Collected data entries
(* Let $0<q<1$ and let $s_1,\dots,s_m$ be positive integers with $s_1>1$. Then \[ \sum_{k=1}^m \zeta[s_1,\dots,s_{k-1},1+s_k,s_{k+1},\dots,s_m] = \sum_{k=1}^m \sum_{j=0}^{s_k-2}\zeta[s_1,\dots,s_{k-1},s_k-j,j+1,s_{k+1},\dots,s_m], \] where the inner sum on the right is zero if $s_k<2$.
   Context: Fix $0<q<1$. For real $x$, $[x]_q := (1-q^x)/(1-q)$. For positive integers $s_1,\dots,s_N$ with $s_1>1$, $\zeta[s_1,\dots,s_N] := \sum_{k_1>\cdots>k_N>0}\prod_{j=1}^N q^{(s_j-1)k_j}/[k_j]_q^{s_j}$ (sum over positive integers). *)

From Stdlib Require Import Reals List.
From Coquelicot Require Import Coquelicot.
Import ListNotations.
Open Scope R_scope.

Definition qint (q : R) (k : nat) : R := (1 - q ^ k) / (1 - q).

Definition zterm (q : R) (s k : nat) : R := q ^ ((s - 1) * k) / (qint q k) ^ s.

Definition lsum (l : list nat) (f : nat -> R) : R := fold_right Rplus 0 (map f l).

(* truncated sum: sum over M > k_1 > k_2 > ... > k_N > 0 *)
Fixpoint zeta_trunc (q : R) (s : list nat) (M : nat) : R :=
  match s with
  | [] => 1
  | a :: s' =>
      fold_right Rplus 0
        (map (fun k => zterm q a k * zeta_trunc q s' k) (seq 1 (Nat.pred M)))
  end.

(* zeta[s_1,...,s_N] = sum_{k_1 > ... > k_N > 0} prod_j q^{(s_j-1)k_j}/[k_j]_q^{s_j},
   the value of the series of nonnegative terms, i.e. the limit of the
   (nondecreasing) truncations k_1 < M as M -> oo. *)
Definition qzeta (q : R) (s : list nat) : R := real (Lim_seq (fun M => zeta_trunc q s M)).

From Stdlib Require Import Reals List Lia Lra.
From Coquelicot Require Import Coquelicot.
Import ListNotations.
Open Scope R_scope.

(* Truncate all series at [k_1 < N].  Prepending an index [b] to a sequence [Y] of truncated
   values gives [sum_(0<n<N) z_b(n) Y(n)] with [z_b(n) = q^((b-1)n) / [n]^b], and the two sides
   of the identity are linked by the partial fraction identity
     [sum_(j=0)^(b-2) z_(b-j)(d+p) z_(j+1)(p) = z_b(p) (w(d) - w(d+p)) - z_b(d+p) w(d)],
   where [w(m) = q^m / [m]] and which comes from [[d+p] = [d] + q^d [p]].  Summation by parts
   then shows that, for every [N], the truncated right-hand side equals the truncated left-hand
   side minus the defect [sum_(0<p<N) (zeta_(p+1)(s) - zeta_p(s)) sum_(N-p<=m<N) w(m)].  When
   [s_1 >= 2] the increments of [zeta(s)] are [O((q rho)^p)] for some [rho > 1] with [q rho < 1],
   and [w(m) <= q^m], so the defect is [O((q rho)^N)]; letting [N] tend to infinity gives the
   identity. *)


Definition psum (n : nat) (f : nat -> R) : R :=
  fold_right Rplus 0 (map f (seq 1 (Nat.pred n))).
(* Let $n_1,\dots,n_k>1$ be integers and let $(\mathbb{Z},\Lambda)$ be the product of odometers described in the context, and put $n=(n_1,\dots,n_k)$, $n^p=\prod_{i=1}^kn_i^{p_i}$ for $p\in\mathbb{Z}^k$. Then $$\mathrm{Per}_{\mathbb{Z},\Lambda}=\mathrm{Per}_\Lambda=\{p\in\mathbb{Z}^k:n^p=1\}.$$
   Context: Let $k\ge1$. A $k$-graph is a countable small category $\Lambda$ together with a functor $d:\Lambda\to\mathbb{N}^k$ (the degree map) with the unique factorization property: for every $\mu\in\Lambda$ and $m,n\in\mathbb{N}^k$ with $d(\mu)=m+n$ there are unique $\alpha,\beta\in\Lambda$ with $d(\alpha)=m$, $d(\beta)=n$ and $\mu=\alpha\beta$. Write $\Lambda^n=d^{-1}(n)$, $\Lambda^0$ the vertices, $r,s$ range and source; $e_1,\dots,e_k$ is the standard basis of $\mathbb{N}^k$. Infinite paths: let $\Omega_k=\{(p,q)\in\mathbb{N}^k\times\mathbb{N}^k:p\le q\}$ with $r(p,q)=(p,p)$, $s(p,q)=(q,q)$, $(p,q)(q,m)=(p,m)$, $d(p,q)=q-p$. An infinite path is a degree-preserving functor $x:\Omega_k\to\Lambda$; $\Lambda^\infty$ is the set of infinite paths, $v\Lambda^\infty=\{x:x(0,0)=v\}$, and for $\mu\in\Lambda$, $x\in s(\mu)\Lambda^\infty$, $\mu x$ is the unique infinite path $y$ with $y(0,d(\mu))=\mu$ and $y(d(\mu)+p,d(\mu)+q)=x(p,q)$ for all $p\le q$. Self-similar actions: for a group $G$, a self-similar action $(G,\Lambda)$ consists of an action of $G$ on $\Lambda$ by automorphisms (bijections preserving $d$, $r$, $s$), written $g\cdot\mu$, and a restriction map $(g,\mu)\mapsto g|_\mu\in G$ such that for all $g,h\in G$, $v\in\Lambda^0$ and $\mu,\nu$ with $s(\mu)=r(\nu)$: $g\cdot(\mu\nu)=(g\cdot\mu)(g|_\mu\cdot\nu)$; $g|_v=g$; $g|_{\mu\nu}=(g|_\mu)|_\nu$; $1_G|_\mu=1_G$; $(gh)|_\mu=g|_{h\cdot\mu}\,h|_\mu$. For $x\in\Lambda^\infty$, $(g\cdot x)(p,q)=g|_{x(0,p)}\cdot x(p,q)$. Products of odometers: $\Lambda$ is a $k$-graph with a single vertex such that $\Lambda^{e_i}=\{x^i_{\mathfrak s}:0\le\mathfrak{s}\le n_i-1\}$ for $1\le i\le k$, with factorization rules $x^i_{\mathfrak s}x^j_{\mathfrak t}=x^j_{\mathfrak t'}x^i_{\mathfrak s'}$ for $1\le i<j\le k$ whenever $\mathfrak{s},\mathfrak{s}'\in\{0,\dots,n_i-1\}$, $\mathfrak{t},\mathfrak{t}'\in\{0,\dots,n_j-1\}$ and $\mathfrak{s}+\mathfrak{t}n_i=\mathfrak{t}'+\mathfrak{s}'n_j$. The group $\mathbb{Z}$ acts self-similarly on $\Lambda$, determined by $1\cdot x^i_{\mathfrak s}=x^i_{(\mathfrak{s}+1)\bmod n_i}$ and $1|_{x^i_{\mathfrak s}}=0$ if $\mathfrak{s}<n_i-1$, $1|_{x^i_{n_i-1}}=1$. This action is pseudo free, locally faithful, satisfies the finite-state condition, and $\Lambda$ is strongly connected and finite. Cycline triples and periodicity: a triple $(\mu,g,\nu)\in\Lambda\times G\times\Lambda$ with $s(\mu)=g\cdot s(\nu)$ is cycline if $\mu(g\cdot x)=\nu x$ for all $x\in s(\nu)\Lambda^\infty$. $\mathrm{Per}_{G,\Lambda}=\{d(\mu)-d(\nu):(\mu,g,\nu)\text{ cycline}\}\subseteq\mathbb{Z}^k$, and $\mathrm{Per}_\Lambda=\{d(\mu)-d(\nu):(\mu,1_G,\nu)\text{ cycline}\}$ (i.e. from pairs $(\mu,\nu)$ with $\mu x=\nu x$ for all $x\in s(\nu)\Lambda^\infty$). *)

From HB Require Import structures.
From mathcomp Require Import all_boot all_order all_algebra.
Set Implicit Arguments. Unset Strict Implicit. Unset Printing Implicit Defensive.
Import Order.TTheory GRing.Theory Num.Theory.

■ **ASSIGNMENT**
Find the lines in the records that include the string "qint", and reply with how many there are, nothing more.

■ **EXERCISE ANSWER**
2